A common mayor who has not the authority to behead, may kill criminals by fastening them to the mouth of a cannon and sending a ball through the body. Another method is to bury the condemned alive in a cask filled with cement, leaving only the head exposed. The cement soon hardens and the victim dies. Sometimes when their crime is not very bad the punishment is the severing of one hand from the body. If the man thus punished should commit a second crime the remaining hand would be severed. If a Mohammedan becomes drunk with wine and gets loud and abusive, he is arrested, and the executioner punctures the partition skin between the nostrils of the drunken man, and a cord of twine, several feet long, is passed through the opening. Then the executioner starts down the street leading his victim. The man soon gets sober and is very much ashamed. Shopkeepers give the executioner pennies as he passes along the street. Men who quarrel and fight are punished by tying their feet to a post, with the bare soles upward, and then whipping the feet until the flesh is bruised and bleeding and, frequently, the nails torn from the toes. The victims frequently become insensible under this punishment. One good thing in the laws of punishment is that no Christians or Jews are ever beheaded. The Mohammedans consider the Christian and Jew as being unclean, and think it would be a mean thing to behead them.
Princes, lords and counts are never beheaded. The most severe punishment for a prince is to pluck out his eyes. The method of execution for counts and lords is of two kinds. The king will send a bottle of Sharbat to the condemned man which is given him in the form of a sweet drink but it contains a deadly poison. He is compelled to drink this and soon dies. Another form is for the condemned man to be met by a servant from the governor after having taken a bath and the servant cuts blood-vessels in the arm of the condemned until death results from loss of blood.

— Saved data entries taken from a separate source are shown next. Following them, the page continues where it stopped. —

Theorem lemma1 (R : realType)
  (d0 : measure_display) (Omega : measurableType d0) (P : probability Omega R)
  (d : measure_display) (T : measurableType d)
  (n p B : nat) (hn : (2 <= n)%N) (hp : (1 <= p)%N) (hB : (1 <= B)%N)
  (S : selection T p)
  (hS : forall (m : nat) (k : 'I_p), prod_measurable [set f | k \in S m f])
  (Z : nat -> Omega -> T)
  (hZmeas : forall i : 'I_n, measurable_fun setT (Z i))
  (hZind : forall Bs : 'I_n -> set T, (forall i, measurable (Bs i)) ->
     P (\bigcap_(i in [set: 'I_n]) (Z i @^-1` Bs i))
       = (\prod_(i < n) P (Z i @^-1` Bs i))%E)
  (hZid : forall (i j : 'I_n) (Bs : set T), measurable Bs ->
     P (Z i @^-1` Bs) = P (Z j @^-1` Bs))
  (Apair : 'I_B -> Omega -> {set 'I_n} * {set 'I_n})
  (hAmeas : forall j a, measurable [set w | Apair j w = a])
  (hAsize : forall j w, #|(Apair j w).1| = n./2 /\ #|(Apair j w).2| = n./2)
  (hAdisj : forall j w, fintype.disjoint (mem (Apair j w).1) (mem (Apair j w).2))
  (hAind : forall F : 'I_B -> set ({set 'I_n} * {set 'I_n}),
     P (\bigcap_(j in [set: 'I_B]) (Apair j @^-1` F j))
       = (\prod_(j < B) P (Apair j @^-1` F j))%E)
  (hAZ : forall (D : set ('I_n -> T)) (F : set ('I_B -> {set 'I_n} * {set 'I_n})),
     prod_measurable D ->
     P ([set w | D (fun i : 'I_n => Z i w)] `&` [set w | F (fun j => Apair j w)])
       = (P [set w | D (fun i : 'I_n => Z i w)]
          * P [set w | F (fun j => Apair j w)])%E)
  (k : 'I_p) :
  (forall tau : R, 1/2 < tau <= 1 ->
     (P [set w | k \in S_cpss S Z Apair tau w]
       <= ((2 * tau - 1)^-1 * (p_km P S Z k n./2) ^+ 2)%:E)%E) /\
  (forall tau : R, 0 <= tau < 1/2 ->
     (P [set w | k \notin S_cpss S Z Apair tau w]
       <= ((1 - 2 * tau)^-1 * (1 - p_km P S Z k n./2) ^+ 2)%:E)%E).
Proof.
split.
- exact: (cpss_selected_bound hZmeas hZind hZid hS hAmeas hAsize hAdisj hAZ k hB).
- exact: (cpss_unselected_bound hZmeas hZind hZid hS hAmeas hAsize hAdisj hAZ k hB).
Qed.
(* The library's hint fails to infer this instance for the Lebesgue measure. *)
#[local] Instance lebesgue_ae_filter (R : realType) :
  Filter (nbhs (almost_everywhere (@lebesgue_measure R))).
Proof. exact: (@ae_filter_ringOfSetsType _ _ R (@lebesgue_measure R)). Qed.

Section Qfun.
Context d (S : measurableType d) (R : realType) (P : R.-pker (S * R)%type ~> S).
Variables (Rew : S -> S -> R -> R) (gamma : R) (V : S -> R) (MR MV : R).
Hypothesis mRew : measurable_fun setT (fun x : S * (S * R) => Rew x.1 x.2.1 x.2.2).
Hypothesis mV : measurable_fun setT V.
Hypothesis RewM : forall s' s a, `|Rew s' s a| <= MR.
Hypothesis VM : forall s, `|V s| <= MV.

Let integrand (x : (S * R) * S) := Rew x.2 x.1.1 x.1.2 + gamma * V x.2.
Let M := MR + `|gamma| * MV.

Let integrandM x : `|integrand x| <= M.
Proof.
apply: le_trans (ler_normD _ _) _; apply: lerD => //.
by rewrite normrM ler_wpM2l.
Qed.

Let measurable_integrand : measurable_fun setT integrand.
Proof.
apply: measurable_funD; last by apply: measurable_funM => //; exact: measurableT_comp.
have -> : (fun x => Rew x.2 x.1.1 x.1.2) =
    (fun x : S * (S * R) => Rew x.1 x.2.1 x.2.2) \o @unstable.swap _ _ by [].
by apply: measurableT_comp mRew _; exact: measurable_swap.
Qed.

Let integrable_integrand x : (P x).-integrable setT (EFin \o (fun y => integrand (x, y))).
Proof.
apply: bounded_measurable_integrable; rewrite ?prob_kernel ?ltry//.
split; first exact: measurableT_comp measurable_integrand (pair1_measurable x).
by exists M => y _; exact: integrandM.
Qed.

Lemma normr_Qfun_le s a : `|Qfun P Rew gamma V s a| <= MR + `|gamma| * MV.
Proof.
apply: le_trans (le_normr_Rintegral _ (integrable_integrand (s, a))) _ => //.
rewrite [leRHS](_ : _ = \int[P (s, a)]_(y in setT) M); last first.
  by rewrite Rintegral_cst// prob_kernel/= mulr1.
apply: le_Rintegral => //; first exact: integrable_norm.
by apply: bounded_measurable_integrable; rewrite ?prob_kernel ?ltry//;
   exact: bounded_measurable_cst.
Qed.

(* the integrand is shifted by M to make it nonnegative, so that the
   measurability of integrals against a finite kernel applies *)
Lemma measurable_Qfun s : measurable_fun setT (Qfun P Rew gamma V s).
Proof.
have shiftE x : \int[P x]_(y in setT) integrand (x, y) =
    fine (\int[P x]_(y in setT) (integrand (x, y) + M)%:E)%E - M.
  rewrite -[fine _]/(\int[P x]_(y in setT) (integrand (x, y) + M)).
  rewrite RintegralD//; last first.
    by apply: bounded_measurable_integrable; rewrite ?prob_kernel ?ltry//;
       exact: bounded_measurable_cst.
  by rewrite Rintegral_cst// prob_kernel/= mulr1 addrK.
rewrite (_ : Qfun P Rew gamma V s = fun a => fine (\int[P (s, a)]_(y in setT)
    (integrand ((s, a), y) + M)%:E)%E - M); last first.
  by apply/funext => a; exact: (shiftE (s, a)).
apply: measurable_funB => //; apply: measurableT_comp => //.
have mI := @measurable_fun_integral_finite_kernel _ _ (S * R)%type S R
  (fun xy => (integrand xy + M)%:E) P.
apply: (measurableT_comp (mI _ _)); last exact: pair1_measurable.
- by move=> z; rewrite lee_fin; have /ler_normlP[] := integrandM z; lra.
- by apply/measurable_EFinP; apply: measurable_funD.
Qed.

End Qfun.

Section density_mean.
Context (R : realType) (A : set R).
Hypothesis mA : measurable A.
Local Notation leb := (@lebesgue_measure R).

Definition dmean (p g : R -> R) : R := \int[leb]_(a in A) (g a * p a).

(* [objective P Rew gamma mu A V s] unfolds to this with [Q := Qfun P Rew gamma V s]. *)
Definition regularized_value (Q : R -> R) (mu : R) (q : R -> R) : R :=
  \int[leb]_(a in A) (Q a * q a + mu * (q a - q a ^+ 2)).

Lemma regularized_valueE Q mu p :
  regularized_value Q mu p = dmean p (fun a => Q a + mu - mu * p a).
Proof. by apply: eq_Rintegral => a _; ring. Qed.

Lemma eq_dmean p f g : (forall a, A a -> f a = g a) -> dmean p f = dmean p g.
Proof. by move=> fg; apply: eq_Rintegral => a /[!inE] Aa; rewrite fg. Qed.

Variables (C : R) (p : R -> R).
Hypothesis dp : density_on A C p.

Lemma density_ge0 a : A a -> 0 <= p a.
Proof. by case: dp => _ /(_ a) pC _ /pC /andP[]. Qed.

Lemma density_le a : A a -> p a <= C.
Proof. by case: dp => _ /(_ a) pC _ /pC /andP[]. Qed.

Lemma bounded_measurable_density : bounded_measurable A p.
Proof.
case: dp => mp _ _; split => //; exists `|C| => a Aa.
by rewrite ger0_norm ?density_ge0//; exact: le_trans (density_le Aa) (ler_norm _).
Qed.

Lemma density_integrable : leb.-integrable A (EFin \o p).
Proof.
case: dp => mp _ p1; apply/integrableP; split; first exact/measurable_EFinP.
under eq_integral => a /[!inE] Aa do rewrite /= ger0_norm ?density_ge0//.
by rewrite p1 ltry.
Qed.

Lemma dmean_integrable g : bounded_measurable A g ->
  leb.-integrable A (EFin \o (fun a => g a * p a)).
Proof.
move=> [mg [M gM]].
have := integrableMr (mu := leb) mA mg (bounded_near_le gM) density_integrable.
by apply: eq_integrable => // a _ /=; rewrite EFinM.
Qed.

Lemma integral_density_mul g : bounded_measurable A g ->
  (\int[leb]_(a in A) (p a * g a)%:E)%E = (dmean p g)%:E.
Proof.
move=> bg; rewrite /dmean /Rintegral fineK; last first.
  exact: integrable_fin_num (dmean_integrable bg).
by apply: eq_integral => a _; rewrite mulrC.
Qed.

Lemma dmeanD f g : bounded_measurable A f -> bounded_measurable A g ->
  dmean p (fun a => f a + g a) = dmean p f + dmean p g.
Proof.
move=> bf bg; rewrite /dmean -RintegralD ?dmean_integrable//.
by apply: eq_Rintegral => a _; rewrite mulrDl.
Qed.

Lemma dmeanZ k f : bounded_measurable A f ->
  dmean p (fun a => k * f a) = k * dmean p f.
Proof.
move=> bf; rewrite /dmean -RintegralZl ?dmean_integrable//.
by apply: eq_Rintegral => a _; rewrite mulrA.
Qed.

Lemma dmeanB f g : bounded_measurable A f -> bounded_measurable A g ->
  dmean p (fun a => f a - g a) = dmean p f - dmean p g.
Proof.
move=> bf bg; transitivity (dmean p (fun a => f a + (-1) * g a)).
  by apply: eq_dmean => a _; ring.
by rewrite dmeanD ?dmeanZ ?mulN1r//; solve_bounded_measurable.
Qed.

Lemma dmean1 : dmean p (fun=> 1) = 1.
Proof.
rewrite /dmean; under eq_Rintegral do rewrite mul1r.
by case: dp => _ _; rewrite /Rintegral => ->.
Qed.

Lemma ler_dmean f g : bounded_measurable A f -> bounded_measurable A g ->
  (forall a, A a -> f a <= g a) -> dmean p f <= dmean p g.
Proof.
move=> bf bg fg; apply: le_Rintegral; rewrite ?dmean_integrable// => a Aa.
by apply: ler_wpM2r; [exact: density_ge0 | exact: fg].
Qed.
Lemma pi_poset_setU1 D : D \subset maxs Y -> a \notin D ->
  pi_poset tau eta Y (a |: D) =
  pi_poset tau eta Y D - \prod_(i in G) ((tau i)%:P * 'X) * pi_poset tau eta (Y :\: G) D.
Proof.
move=> DY aD; have aDY : a |: D \subset maxs Y by rewrite subUset sub1set aY.
have pi_split E : pi_poset tau eta Y E =
    \sum_(J in ideals (Y :\: G)) phi_poset tau eta E (J :|: G) *: 'X^(#|J| + #|G|) +
    \sum_(I in ideals Y | a \notin I) phi_poset tau eta E I *: 'X^#|I|.
  rewrite /pi_poset (bigID (fun I => a \in I)) /= (sum_ideals_gen1 aY); congr (_ + _).
  apply: eq_bigr => J /idealsP[JYG _]; move: JYG; rewrite subsetD => /andP[_ disJG].
  by rewrite cardsU (disjoint_setI0 disJG) cards0 subn0.
have nota_eq I : a \notin I -> phi_poset tau eta (a |: D) I = phi_poset tau eta D I.
  move=> aI; apply: eq_phi_poset; apply/setP => x; rewrite !inE.
  by case: eqP => // ->; rewrite (negbTE aI).
rewrite !pi_split mulr_sumr addrAC -sumrB.
congr (_ + _); last by apply: eq_bigr => I /andP[_ /nota_eq ->].
apply: eq_bigr => J idJ.
have aJ : a \notin J.
  by move/idealsP: idJ => [/subsetP JYG _]; apply/negP => /JYG; rewrite inE mem_gen1.
rewrite !(phi_poset_setU_gen1 _ idJ) // setU11 (negbTE aD) nota_eq //.
rewrite big_split /= -rmorph_prod prodr_const (big_setD1 _ (mem_gen1 aY)) /= eta_tau.
rewrite exprD -!mul_polyC !rmorphM rmorphB rmorphN rmorph1 /=.
ring.
Qed.

End DeleteMaximal.

Local Notation cone Y A :=
  (\prod_(i in gen Y A) ((tau i)%:P * 'X) * pi_poset tau eta (Y :\: gen Y A) set0).

Lemma cone_setU1 Y a A :
  cone Y (a |: A) =
  \prod_(i in gen Y [set a]) ((tau i)%:P * 'X) * cone (Y :\: gen Y [set a]) A.
Proof.
set G := gen Y [set a]; have disG : [disjoint G & gen (Y :\: G) A].
  by rewrite disjoint_sym; have := gen_subset (Y :\: G) A; rewrite subsetD => /andP[].
rewrite genU1 -setDDl (eq_bigl [predU G & gen (Y :\: G) A]) => [|i]; last exact: in_setU.
by rewrite bigU // mulrA.
Qed.

Lemma cone0 Y : cone Y set0 = pi_poset tau eta Y set0.
Proof. by rewrite gen0 big_set0 mul1r setD0. Qed.

Lemma pi_poset_sum_cones D Y : D \subset maxs Y ->
  pi_poset tau eta Y D = \sum_(A : {set T} | A \subset D) (-1) ^+ #|A| *: cone Y A.
Proof.
elim/finset_ind: D Y => [|a D aD IH] Y; first by rewrite sum_subset0 cards0 scale1r cone0.
move=> aDY; have aY : a \in maxs Y by rewrite (subsetP aDY) ?setU11.
have DY : D \subset maxs Y := subset_trans (subsetUr _ _) aDY.
rewrite pi_poset_setU1 // sum_subsetU1 // !IH ?maxs_setD_gen1 // mulr_sumr -sumrN.
congr (_ + _); apply: eq_bigr => A AD.
by rewrite cone_setU1 cardsU1 (contraNN (subsetP AD a) aD) exprS mulN1r scaleNr -scalerAr.
Qed.

Lemma cone_sum_pi_poset D Y : D \subset maxs Y ->
  cone Y D = \sum_(A : {set T} | A \subset D) (-1) ^+ #|A| *: pi_poset tau eta Y A.
Proof.
elim/finset_ind: D Y => [|a D aD IH] Y; first by rewrite sum_subset0 cards0 scale1r cone0.
move=> aDY; have aY : a \in maxs Y by rewrite (subsetP aDY) ?setU11.
have DY : D \subset maxs Y := subset_trans (subsetUr _ _) aDY.
rewrite cone_setU1 IH ?maxs_setD_gen1 // sum_subsetU1 // -big_split mulr_sumr /=.
apply: eq_bigr => A AD; have aA : a \notin A := contraNN (subsetP AD a) aD.
rewrite cardsU1 aA exprS mulN1r scaleNr (pi_poset_setU1 aY (subset_trans AD DY) aA).
by rewrite scalerBr opprB addrC subrK scalerAr.
Qed.

End Polynomials.
End DownSets.

Theorem theorem3p2 (d : Order.disp_t) (T : finPOrderType d) (K : comNzRingType)
    (tau eta : T -> K) (Heta : forall i, eta i = tau i - 1) (Y : {set T}) :
  (forall D : {set T}, D \subset maxs Y ->
     pi_poset tau eta Y D =
     \sum_(A : {set T} | A \subset D)
        (-1) ^+ #|A| *: ((\prod_(i in gen Y A) ((tau i)%:P * 'X))
                          * pi_poset tau eta (Y :\: gen Y A) set0)) /\
  (forall D : {set T}, D \subset maxs Y ->
     (\prod_(i in gen Y D) ((tau i)%:P * 'X)) * pi_poset tau eta (Y :\: gen Y D) set0 =
     \sum_(A : {set T} | A \subset D) (-1) ^+ #|A| *: pi_poset tau eta Y A).
Proof.
by split=> D; [apply: pi_poset_sum_cones | apply: cone_sum_pi_poset].
Qed.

Thus it will be seen that the contrast in modes of punishment in a Christian nation and a Mohammedan nation is very great. The kind of punishment inflicted on criminals in any country grows out of the prevailing religious belief of that country. A religion that has much cruelty in it will lead a people to torture its criminals. But a nation whose religion is based upon love will deal with its criminals effectively, but as kindly as possible. The writer has visited prisons in both Persia and America and finds that the contrast between the prisons of the two countries is like the contrast of a palace and a cellar. Prisoners in America ought to be very thankful for the humane treatment they receive under this Christian government.